I remember having lots of random conversations with my seatmates on planes, and I’m not the type to talk to strangers myself.

It used to be normal to always ask something along the lines of “where are you headed?” and maybe let that evolve into a chat about shared experiences about cities and places. I still remember some of the fascinating people I met this way and will never see again.
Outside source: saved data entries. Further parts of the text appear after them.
(* [psi(T)^q = a c_q T^(-a-1)], which is [- psi'(T)]. *)
Lemma psi_pow T : 0 < T -> Rpower (psi T) q = a_q * c_q q * Rpower T (- a_q - 1).
Proof.
  move=> HT; have Ha := a_q_pos.
  have Hc : Rpower (c_q q) q = a_q * c_q q.
    by rewrite /c_q -/a_q Rpower_mult a_q_mul Rpower_plus Rpower_1 //; ring.
  rewrite /psi -Rpower_mult_distr; [|exact: c_q_pos | exact: Rpower_pos].
  rewrite Hc Rpower_mult; do 2 f_equal; have := a_q_mul; lra.
Qed.

Lemma psi_ode s c : 0 < s + c ->
  derivable_pt_lim (fun y => psi (y + c)) s (- Rpower (psi (s + c)) q).
Proof.
  move=> Hsc; rewrite psi_pow //.
  have Hshift : derivable_pt_lim (fun y => y + c) s 1.
    by have := derivable_pt_lim_plus _ _ s _ _ (derivable_pt_lim_id s) (derivable_pt_lim_const c s);
      rewrite Rplus_0_r.
  have := derivable_pt_lim_scal _ (c_q q) _ _ (deriv_Rpower_comp _ s _ (- a_q) Hshift Hsc).
  rewrite /mult_real_fct /psi; congr derivable_pt_lim; ring.
Qed.

Lemma psi_pow_anti T T' : 0 < T <= T' -> Rpower (psi T') q <= Rpower (psi T) q.
Proof.
  move=> HT; rewrite !psi_pow; try lra.
  have := Rpower_opp_anti T T' (a_q + 1) ltac:(have := a_q_pos; lra) HT.
  have -> : - (a_q + 1) = - a_q - 1 by ring.
  move=> Hle; apply: Rmult_le_compat_l => //; have := a_q_pos; have := c_q_pos; nra.
Qed.

Lemma psi_anti T T' : 0 < T <= T' -> psi T' <= psi T.
Proof.
  move=> HT; rewrite /psi; apply: Rmult_le_compat_l; first by have := c_q_pos; lra.
  apply: Rpower_opp_anti => //; have := a_q_pos; lra.
Qed.
End ODE.

Section SolutionComparison.
Variables (N : nat) (q : R) (Omega : point N -> Prop) (u : point N -> R -> R).
Variables (Du : 'I_N -> point N -> R -> R) (D2u : 'I_N -> 'I_N -> point N -> R -> R).
Variable Dtu : point N -> R -> R.
Hypothesis Hq : 0 < q.
Hypothesis Hpos : forall x t, Omega x -> 0 < t -> 0 < u x t.
Hypothesis HC : C21_with Omega u Du D2u Dtu.
Hypothesis Hpde : forall x t, Omega x -> 0 < t ->
  Dtu x t - laplacian_of D2u x t + Rpower (u x t) q = 0.

Lemma solution_derivs (P : point N -> R -> Prop) :
  (forall x s, P x s -> Omega x /\ 0 < s) -> has_derivs N P u Du (fun i => D2u i i) Dtu.
Proof.
  case: HC => [Hd _] HP x s Hxs; case: (HP x s Hxs) => Hx Hs.
  by case: (Hd x s Hx Hs) => [H1 [H2 H3]]; split; [|split=> // i; apply: H2].
Qed.

Section Cylinder.
Variables (x0 : point N) (r t1 t2 : R).
Hypothesis Ht : 0 < t1 <= t2.
Hypothesis Hball : forall y, dist x0 y <= r -> Omega y.

Let P x s := dist x0 x < r /\ t1 < s.

Lemma cyl_in_domain : forall x s, cyl N x0 r t1 t2 x s -> Omega x /\ 0 < s.
Proof. move=> x s [Hx Hs]; split; [exact: Hball | lra]. Qed.

Lemma open_cyl_in_domain : forall x s, P x s -> Omega x /\ 0 < s.
Proof. move=> x s [Hx Hs]; split; [apply: Hball; lra | lra]. Qed.

Lemma solution_cont : st_cont N (cyl N x0 r t1 t2) u.
Proof. apply: (st_cont_of_cont_on N Omega); [exact: (proj1 (proj2 HC)) | exact: cyl_in_domain]. Qed.

Lemma below_supersolution W DW LW TW :
  has_derivs N P W DW LW TW -> st_cont N (cyl N x0 r t1 t2) W ->
  (forall x s, dist x0 x < r -> t1 < s <= t2 ->
     0 < W x s /\ lap N LW x s <= TW x s + Rpower (W x s) q) ->
  (forall x, dist x0 x <= r -> u x t1 <= W x t1) ->
  (forall x s, dist x0 x = r -> t1 <= s <= t2 -> u x s <= W x s) ->
  forall x s, cyl N x0 r t1 t2 x s -> u x s <= W x s.
Proof.
  move=> HW HWc Hsuper Hbot Hlat.
  apply: (comparison N x0 r t1 t2 u W Du (fun i => D2u i i) Dtu DW LW TW) => //.
  - lra.
  - exact: (solution_derivs _ open_cyl_in_domain).
  - exact: (st_cont_minus N _ _ _ solution_cont HWc).
  - move=> x s Hx Hs Hlt HT HL.
    case: (Hsuper x s Hx Hs) => HW0 HWsup.
    have := Hpde x s (Hball x ltac:(lra)) ltac:(lra).
    have := Rlt_Rpower_l _ _ q Hq (conj HW0 Hlt).
    rewrite /laplacian_of -/(lsum _ _) -/(lap N (fun i => D2u i i) x s); lra.
Qed.

Lemma above_subsolution z Dz Lz Tz :
  has_derivs N P z Dz Lz Tz -> st_cont N (cyl N x0 r t1 t2) z ->
  (forall x s, dist x0 x < r -> t1 < s <= t2 -> 0 < z x s ->
     Tz x s + Rpower (z x s) q <= lap N Lz x s) ->
  (forall x, dist x0 x <= r -> z x t1 <= u x t1) ->
  (forall x s, dist x0 x = r -> t1 <= s <= t2 -> z x s <= u x s) ->
  forall x s, cyl N x0 r t1 t2 x s -> z x s <= u x s.
Proof.
  move=> Hz Hzc Hsub Hbot Hlat.
  apply: (comparison N x0 r t1 t2 z u Dz Lz Tz Du (fun i => D2u i i) Dtu) => //.
  - lra.
  - exact: (solution_derivs _ open_cyl_in_domain).
  - exact: (st_cont_minus N _ _ _ Hzc solution_cont).
  - move=> x s Hx Hs Hlt HT HL.
    have Hu0 := Hpos x s (Hball x ltac:(lra)) ltac:(lra).
    have := Hsub x s Hx Hs ltac:(lra).
    have := Hpde x s (Hball x ltac:(lra)) ltac:(lra).
    have := Rlt_Rpower_l _ _ q Hq (conj Hu0 Hlt).
    rewrite /laplacian_of -/(lsum _ _) -/(lap N (fun i => D2u i i) x s); lra.
Qed.
End Cylinder.
End SolutionComparison.

Lemma length_enum_ord N : length (enum 'I_N) = N.
Proof. rewrite -[in RHS](size_enum_ord N); by elim: (enum 'I_N) => //= a s ->. Qed.

Lemma derivable_pt_lim_eq f x l l' : derivable_pt_lim f x l -> l = l' -> derivable_pt_lim f x l'.
Proof. by move=> H <-. Qed.

Lemma deriv_affine a b y : derivable_pt_lim (fun z => a * (z - b)) y a.
Proof.
  move=> eps He; exists (mkposreal eps He) => h Hh _.
  have -> : (a * (y + h - b) - a * (y - b)) / h - a = 0 by field.
  rewrite Rabs_R0; lra.
Qed.

Section Radial.
Variables (N : nat) (x0 : point N).

Lemma deriv_sqdist_upd (x : point N) i y :
  derivable_pt_lim (fun z => sqdist (upd x i z) x0) y (2 * (y - x0 i)).
Proof.
  have -> : (fun z => sqdist (upd x i z) x0) =
            (fun z => sqdist x x0 - (x i - x0 i)^2 + (1 * (z - x0 i)) * (1 * (z - x0 i))).
    by apply: functional_extensionality => z; rewrite sqdist_upd /=; ring.
  have Hsq := derivable_pt_lim_mult _ _ _ _ _ (deriv_affine 1 (x0 i) y) (deriv_affine 1 (x0 i) y).
  have := derivable_pt_lim_plus _ _ _ _ _ (derivable_pt_lim_const (sqdist x x0 - (x i - x0 i)^2) y) Hsq.
  move=> /derivable_pt_lim_eq; apply; ring.
Qed.

Lemma deriv_radial_line (F F1 : R -> R) (x : point N) i y :
  derivable_pt_lim F (sqdist (upd x i y) x0) (F1 (sqdist (upd x i y) x0)) ->
  derivable_pt_lim (fun z => F (sqdist (upd x i z) x0)) y
    (F1 (sqdist (upd x i y) x0) * (2 * (y - x0 i))).
Proof.
  move=> HF; apply: derivable_pt_lim_eq.
    exact: (derivable_pt_lim_comp _ F y _ _ (deriv_sqdist_upd x i y) HF).
  ring.
Qed.

(* [radial A F x s = A s + F (|x - x0|^2)], with first partial derivatives
   [radial_D F1] and pure second partial derivatives [radial_L F1 F2] when
   [F' = F1] and [F1' = F2]. *)
Definition radial (A F : R -> R) (x : point N) (s : R) : R := A s + F (sqdist x x0).
Definition radial_D (F1 : R -> R) (i : 'I_N) (x : point N) (s : R) : R :=
  F1 (sqdist x x0) * (2 * (x i - x0 i)).
Definition radial_L (F1 F2 : R -> R) (i : 'I_N) (x : point N) (s : R) : R :=
  F2 (sqdist x x0) * (2 * (x i - x0 i))^2 + 2 * F1 (sqdist x x0).

Lemma radial_has_derivs (P : point N -> R -> Prop) (A TA F F1 F2 : R -> R) :
  (forall x s, P x s -> derivable_pt_lim A s (TA s) /\
     derivable_pt_lim F (sqdist x x0) (F1 (sqdist x x0)) /\
     derivable_pt_lim F1 (sqdist x x0) (F2 (sqdist x x0))) ->
  has_derivs N P (radial A F) (radial_D F1) (radial_L F1 F2) (fun _ s => TA s).
Proof.
  move=> Hprof x s Hxs; case: (Hprof x s Hxs) => [HA [HF HF1]]; split; [|split].
  - move=> i; rewrite /radial /radial_D.
    have := deriv_radial_line F F1 x i (x i); rewrite upd_id => /(_ HF) Hline.
    have := derivable_pt_lim_plus (fun _ => A s) _ _ _ _ (derivable_pt_lim_const (A s) (x i)) Hline.
    by rewrite Rplus_0_l.
  - move=> i; rewrite /radial_D.
    have -> : (fun y => F1 (sqdist (upd x i y) x0) * (2 * (upd x i y i - x0 i))) =
              (fun y => F1 (sqdist (upd x i y) x0) * (2 * (y - x0 i))).
      by apply: functional_extensionality => y; rewrite upd_same.
    have := deriv_radial_line F1 F2 x i (x i); rewrite upd_id => /(_ HF1) Hline.
    have := derivable_pt_lim_mult _ _ _ _ _ Hline (deriv_affine 2 (x0 i) (x i)).
    move=> /derivable_pt_lim_eq; apply; by rewrite /radial_L upd_id; ring.
  - have := derivable_pt_lim_plus _ (fun _ => F (sqdist x x0)) _ _ _ HA (derivable_pt_lim_const _ s).
    by rewrite Rplus_0_r.
Qed.

Lemma lap_radial (F1 F2 : R -> R) (x : point N) s :
  lap N (radial_L F1 F2) x s = 4 * sqdist x x0 * F2 (sqdist x x0) + 2 * INR N * F1 (sqdist x x0).
Proof.
  rewrite /lap /radial_L (lsum_ext _ _ (fun i => (4 * F2 (sqdist x x0)) * (x i - x0 i)^2 + 2 * F1 (sqdist x x0))).
  - by rewrite lsum_plus lsum_scal lsum_const -sqdist_lsum length_enum_ord; ring.
  - by move=> i; ring.
Qed.
(* Let $X_\lambda$ be a cellular multipointed $d$-space and $\gamma$ an execution path of $X_\lambda$. Then there exist minimal execution paths $\gamma_1,\dots,\gamma_n$ ($n\ge1$) and real numbers $\ell_1,\dots,\ell_n>0$ with $\sum_i\ell_i=1$ such that $\gamma=(\gamma_1\mu_{\ell_1})*\dots*(\gamma_n\mu_{\ell_n})$. Moreover, if also $\gamma=(\gamma'_1\mu_{\ell'_1})*\dots*(\gamma'_{n'}\mu_{\ell'_{n'}})$ with all $\gamma'_j$ minimal and $\ell'_j>0$, then $n=n'$, $\gamma_i=\gamma'_i$ and $\ell_i=\ell'_i$ for all $1\le i\le n$.
   Context: Work in $\mathbf{Top}$, the category of $\Delta$-generated spaces (or $\Delta$-Hausdorff $\Delta$-generated spaces). $\mathcal{G}(1,1)$: nondecreasing homeomorphisms of $[0,1]$. $\mu_\ell:[0,\ell]\to[0,1]$, $t\mapsto t/\ell$. Moore composition: for $\gamma_i:[0,\ell_i]\to U$ with $\gamma_i(\ell_i)=\gamma_{i+1}(0)$, $\gamma_1*\dots*\gamma_n:[0,\sum\ell_i]\to U$ is $t\mapsto\gamma_i(t-\sum_{j<i}\ell_j)$ on $[\sum_{j<i}\ell_j,\sum_{j\le i}\ell_j]$. $*_N$: normalized composition of paths on $[0,1]$. A multipointed $d$-space $X=(|X|,X^0,\mathbb{P}^{\mathcal{G}}X)$: a space, a subset of states, a set of continuous execution paths $[0,1]\to|X|$ with endpoints in $X^0$, stable under precomposition by $\mathcal{G}(1,1)$ and $*_N$. Colimits: underlying spaces and states by colimits, execution paths generated by images under $*_N$ and reparametrization. ${\rm Glob}^{\mathcal{G}}(Z)$: quotient of $\{0,1\}\sqcup Z\times[0,1]$ with $(z,0)\sim0$, $(z,1)\sim1$, states $\{0,1\}$, paths $t\mapsto(z,\phi(t))$, $\phi\in\mathcal{G}(1,1)$. Cellular: $X_\lambda=\varinjlim_{\nu<\lambda}X_\nu$ for an ordinal $\lambda$ and colimit-preserving $\nu\mapsto X_\nu$ with $X_0=(X^0,X^0,\varnothing)$ and each $X_\nu\to X_{\nu+1}$ a pushout of some ${\rm Glob}^{\mathcal{G}}(\mathbf{S}^{n_\nu-1})\subset{\rm Glob}^{\mathcal{G}}(\mathbf{D}^{n_\nu})$. An execution path $\gamma$ of $X$ is minimal if $\gamma(]0,1[)\cap X^0=\varnothing$. *)

From HB Require Import structures.
From mathcomp Require Import all_boot all_order all_algebra.
From mathcomp Require Import all_classical all_reals all_analysis.
Set Implicit Arguments. Unset Strict Implicit. Unset Printing Implicit Defensive.
Import Order.TTheory GRing.Theory Num.Theory.
Import numFieldNormedType.Exports.
Local Open Scope classical_set_scope.
Local Open Scope ring_scope.
Local Open Scope quotient_scope.

Section MDSpaces.
Variable R : realType.

Definition I01 : set R := [set t | 0 <= t <= 1].
Lemma slice_eq0_z (P : pred {ffun I -> 'I_4}) :
  (forall s, P s -> deg_z s <= k)%N -> slice P = 0.
Proof.
move=> hP; apply/matrixP => x y; rewrite !mxE.
apply: (low_deg_orthogonal
  (G := fun zv => \sum_(s | P s) sunflower_term s (a x) (a y) zv)) hker _.
by apply: low_deg_sum => s /hP; apply: low_deg_term_z.
Qed.

End Slices.

Lemma deg_z_le (s : {ffun I -> 'I_4}) :
  ~~ (deg_x s <= k)%N -> ~~ (deg_y s <= k)%N -> (deg_z s <= k)%N.
Proof.
rewrite -!ltnNge /k => hx hy; have := deg_xyz_le s.
have := divn_eq (2 * #|I|) 3; have := ltn_pmod (2 * #|I|) (isT : 0 < 3)%N.
lia.
Qed.

Lemma card_no_sunflower_le_low_supp : (N <= 3 * #|low_supp I D k|)%N.
Proof.
apply: (@leq_trans (3 * \rank Phi)); last by rewrite leq_mul2l rank_leq_row orbT.
have [r [f [h [finj hr hker hf]]]] := kernel_vector_with_ones Phi.
have rT : (r <= \rank (slice h predT))%N.
  apply: (mxrank_ge_id_minor (f := f)) => i j.
  by rewrite slice_predT mxE (inj_eq finj) hf mulr1.
rewrite (slice_bigID _ _ (fun s => deg_x s <= k)%N) in rT.
rewrite [X in _ + X](slice_bigID _ _ (fun s => deg_y s <= k)%N) in rT.
rewrite [X in _ + (_ + X)](slice_eq0_z hker) ?addr0 in rT; last first.
  by move=> s /andP[/andP[_ nx] ny]; apply: deg_z_le.
apply: leq_trans hr _; rewrite mulSn addnC leq_add2l mul2n -addnn.
apply: leq_trans rT _; apply: leq_trans (mxrank_add _ _) _.
by apply: leq_add; [apply: rank_slice_x | apply: rank_slice_y] => s /andP[].
Qed.

End SliceRank.

Section CountLowSupport.
Variables (I : finType) (D : nat).
Local Notation V := {ffun I -> 'I_D.+1}.

Let weight (g : V) : nat := \prod_i (if g i != ord0 then 2 else D).

Let sum_weight : (\sum_g weight g = (3 * D) ^ #|I|)%N.
Proof.
rewrite -(bigA_distr_bigA (fun i (v : 'I_D.+1) => if v != ord0 then 2 else D)%N).
rewrite -prod_nat_const; apply: eq_bigr => i _.
rewrite (bigD1 ord0) //= (eq_bigr (fun _ => 2%N)) => [|v -> //].
rewrite (eq_bigl (mem [set~ ord0])) => [|v]; last by rewrite !inE.
by rewrite sum_nat_const cardsC1 card_ord /=; lia.
Qed.
Theorem lemma1 (M : finType) (n : nat) (own : 'I_n -> M)
    (S S' : {vspace G 'I_n}) :
  (exists u : forall alpha : M, G (Qub own alpha) -> G (Qub own alpha),
      (forall alpha, is_Sp (u alpha)) /\
      (forall y : G 'I_n, y \in S' <-> exists2 x, x \in S & y = dsum own u x))
  <->
  (exists T : subvs_of S -> subvs_of S',
      [/\ linear T, bijective T,
          (forall (f g : subvs_of S) (alpha : M),
             omega (loc_comp own alpha (vsval (T f))) (loc_comp own alpha (vsval (T g)))
             = omega (loc_comp own alpha (vsval f)) (loc_comp own alpha (vsval g)))
        & (forall (alpha : M) (y : subvs_of S'),
             loc_comp own alpha (vsval y) = 0 <->
             exists x : subvs_of S, loc_comp own alpha (vsval x) = 0 /\ T x = y)]).
Proof.
split; [exact: local_Sp_equivalent_isometric | exact: locally_isometric_Sp_equivalent].
Qed.
Lemma flatten_map_uniq_inj (I T : eqType) (s : I -> seq T) r i j x :
  uniq (flatten [seq s l | l <- r]) -> i \in r -> j \in r ->
  x \in s i -> x \in s j -> i = j.
Proof.
have mem_flat l : l \in r -> x \in s l -> x \in flatten [seq s l | l <- r].
  by move=> lr xl; apply/flatten_mapP; exists l.
elim: r mem_flat => [|a r IHr] //= mem_flat; rewrite cat_uniq => /and3P[_ ar ur].
have notin_r l : l \in r -> x \in s a -> x \in s l -> False.
  move=> lr xa xl; apply: (negP ar); apply/hasP; exists x => //.
  by apply/flatten_mapP; exists l.
rewrite !inE => /orP[/eqP-> | ir] /orP[/eqP-> | jr] xi xj //.
- by case: (notin_r j).
- by case: (notin_r i).
- by apply: IHr => // l lr xl; apply/flatten_mapP; exists l.
Qed.

Lemma take_index_cat (T : eqType) (s1 s2 : seq T) p d :
  p \in s1 -> (d <= 1)%N ->
  take (index p s1 + d) (s1 ++ s2) = take (index p s1 + d) s1.
Proof.
rewrite -index_mem => p_s1 d_le1; apply: takel_cat.
by apply: leq_trans (leq_add (leqnn _) d_le1) _; rewrite addn1.
Qed.
(* Let $G$ be a simple, undirected, connected graph on $N$ vertices with edge set $E$ and degree sequence $d_1\le d_2\le\cdots\le d_N$. If $d_j=1$ for $1\le j\le M$, where $M<N$, then $$R^+(G)\ge N(N-2)+2|E|\left[M+\frac{(N-M)^2}{2|E|-M}\right]-2|E|.$$
   Context: For vertices $i,j$ of $G$, $R_{ij}$ denotes the effective resistance between $i$ and $j$ when every edge of $G$ is a unit resistor. The additive degree-Kirchhoff index is $R^+(G)=\sum_{i<j}(d_i+d_j)R_{ij}$, where $d_i$ is the degree of vertex $i$. *)

From HB Require Import structures.
From mathcomp Require Import all_boot all_order all_algebra.
Set Implicit Arguments. Unset Strict Implicit. Unset Printing Implicit Defensive.
Import Order.TTheory GRing.Theory Num.Theory.
Local Open Scope ring_scope.

Definition simple_graph N (e : rel 'I_N) : Prop :=
  irreflexive e /\ symmetric e.

Definition connected_graph N (e : rel 'I_N) : Prop :=
  forall i j : 'I_N, connect e i j.

Definition deg N (e : rel 'I_N) (i : 'I_N) : nat := #|[set j | e i j]|.

Definition edges N (e : rel 'I_N) : {set {set 'I_N}} :=
  [set A : {set 'I_N} | [exists x, exists y, e x y && (A == [set x; y])]].

(* degree sequence sorted non-decreasingly: d_1 <= d_2 <= ... <= d_N
   (0-indexed: entry k is d_{k+1}) *)
Definition degseq N (e : rel 'I_N) : seq nat :=
  sort leq [seq deg e i | i <- enum 'I_N].

Definition laplacian (R : fieldType) N (e : rel 'I_N) : 'M[R]_N :=
  \matrix_(i, j) (if i == j then (deg e i)%:R else if e i j then -1 else 0).

(* Effective resistance between i and j with unit resistors on edges:
   the potential difference w_i - w_j, where w solves the Kirchhoff
   equation w L = e_i - e_j (unit current in at i, out at j).
   pinvmx gives such a solution whenever one exists (always, for a
   connected graph); the difference w_i - w_j is then independent of
   the chosen solution. *)
Definition eff_res (R : fieldType) N (e : rel 'I_N) (i j : 'I_N) : R :=
  let b : 'rV[R]_N := delta_mx 0 i - delta_mx 0 j in
  let w := b *m pinvmx (laplacian R e) in
  w 0 i - w 0 j.

Definition add_deg_kirchhoff (R : fieldType) N (e : rel 'I_N) : R :=
  \sum_(i < N) \sum_(j < N | (i < j)%N) ((deg e i + deg e j)%:R * eff_res R e i j).

From HB Require Import structures.
From mathcomp Require Import all_boot all_order all_algebra.
From mathcomp Require Import ring lra zify.
Import Order.TTheory GRing.Theory Num.Theory.
Local Open Scope ring_scope.
Set Implicit Arguments. Unset Strict Implicit. Unset Printing Implicit Defensive.

(* R_ij is the energy w L w^T of the potential w solving w L = e_i - e_j, where L
   is the Laplacian; such a w exists because, for a connected graph, the kernel
   of L consists of the constant vectors.  Cauchy-Schwarz for the positive
   semidefinite form of L against the test potential d_j e_i - d_i e_j gives
   (d_i + d_j) R_ij >= (d_i + d_j) (1/d_i + 1/d_j) - 2 a_ij.  Summing over the
   pairs, R^+ >= N(N-2) + D S - D with D = sum_k d_k = 2|E| and S = sum_k 1/d_k.
   Finally S >= M + (N-M)^2/(D-M): the M leaves contribute 1 each, and 1/x lies
   above its tangent line at the mean (D-M)/(N-M) of the other degrees. *)

Lemma pair_resistance_arith (R : realFieldType) (di dj r : R) (adj : bool) :
  1 <= di -> 1 <= dj ->
  (di + dj) ^+ 2 <= r * (di * dj * (di + dj + 2 * adj%:R)) ->
  (di + dj) * (di^-1 + dj^-1) - 2 * adj%:R <= (di + dj) * r.
Proof.
move=> di1 dj1 hCS.
have p0 : 0 < di * dj by apply: mulr_gt0; lra.
rewrite -(ler_pM2r p0).
have -> : ((di + dj) * (di^-1 + dj^-1) - 2 * adj%:R) * (di * dj)
    = (di + dj) ^+ 2 - 2 * adj%:R * (di * dj).
  by field; apply/andP; split; apply: lt0r_neq0; lra.
have -> : (di + dj) * r * (di * dj) = (di + dj) * (r * (di * dj)) by ring.
move: hCS; rewrite mulrA.
set s := di + dj; set p := di * dj; set q := r * p.
have s2 : 2 <= s by rewrite /s; lra.
case: adj; rewrite /= ?mulr0 ?mulr1 ?addr0 ?subr0 => hCS; last nra.
have hp : s ^+ 2 <= p * (s + 2) by rewrite /s /p; nra.
rewrite -(ler_pM2r (_ : 0 < s + 2)); last lra.
nra.
Qed.

Section CauchySchwarz.
Variables (R : realFieldType) (V : lmodType R) (f : V -> V -> R).
Hypothesis fDl : forall u v w, f (u + v) w = f u w + f v w.
Hypothesis fZl : forall a u w, f (a *: u) w = a * f u w.
Hypothesis fC : forall u v, f u v = f v u.
Hypothesis f_ge0 : forall u, 0 <= f u u.

Lemma form_cauchy_schwarz u v : 0 < f v v -> f u v ^+ 2 <= f u u * f v v.
Proof.
move=> v_gt0.
have fDr w u' v' : f w (u' + v') = f w u' + f w v' by rewrite fC fDl !(fC w).
have fZr a w u' : f w (a *: u') = a * f w u' by rewrite fC fZl fC.
have := f_ge0 (f v v *: u + (- f u v) *: v).
rewrite !(fDl, fZl, fDr, fZr) (fC v u).
set t := f v v; set c := f u v; set r := f u u => h.
have : 0 <= t * (t * r - c ^+ 2) by rewrite expr2; nra.
by rewrite pmulr_rge0 // subr_ge0 mulrC.
Qed.
End CauchySchwarz.

Lemma sum_sym_diag_upper (R : nmodType) N (G : 'I_N -> 'I_N -> R) :
  (forall i j, G i j = G j i) ->
  \sum_i \sum_j G i j = \sum_i G i i + (\sum_(i < N) \sum_(j < N | (i < j)%N) G i j) *+ 2.
Proof.
move=> GC.
have lower_upper :
      \sum_(i < N) \sum_(j < N | (j < i)%N) G i j = \sum_(i < N) \sum_(j < N | (i < j)%N) G i j.
  under eq_bigr do rewrite big_mkcond.
  rewrite exchange_big /=; apply: eq_bigr => i _; rewrite [RHS]big_mkcond.
  by apply: eq_bigr => j _; rewrite GC.
have split_row i : \sum_j G i j
    = G i i + \sum_(j < N | (j < i)%N) G i j + \sum_(j < N | (i < j)%N) G i j.
  rewrite (bigID (fun j : 'I_N => (i < j)%N)) /= addrC; congr (_ + _).
  rewrite (bigD1 i) ?ltnn //=; congr (_ + _); apply: eq_bigl => j.
  by rewrite -leqNgt ltn_neqAle andbC.
by rewrite (eq_bigr _ (fun i _ => split_row i)) !big_split /= lower_upper mulr2n addrA.
Qed.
But in the last couple of years all my flights have been purely transactional where not a single casual word is ever exchanged with anyone.

jiggawatts · 2 years ago
The best conversation I ever had on a plane was with an elderly French couple. They didn't speak English and I know maybe half a dozen words of French. They eventually successfully communicated to me that they're taking a month-long holiday at a sort-of private island where there's these bungalows where you can stay isolated from civilisation. No Internet, no electricity, and you have to fish for your dinner. Groceries are via a guy on a canoe that turns up once a day to sell you whatever you need.

It was fascinating and amazing how with hours with nothing else to occupy us, we overcame boredom by exchanging this story despite the language barrier.

calf · 2 years ago
When I was in grad school, I would catch up reading journal papers on the plane and keep to myself, but finally on two separate occasions it sparked lengthy conversation, because the other person was an engineer or a mathematician.
ip26 · 2 years ago
I would suggest it’s simply because flights are often much longer than a subway ride. Making small talk for six, eight, twelve hours isn’t really fun for anyone.
lamp987 · 2 years ago
actually it used to be like that in earlier days of airliners. it was a social experience.

but those days also had a darker side, like having a dress code for passengers...

coldtea · 2 years ago
Darker? Sounds like a much brighter side...
noduerme · 2 years ago
What's dark about that? I wish they'd bring back a dress code.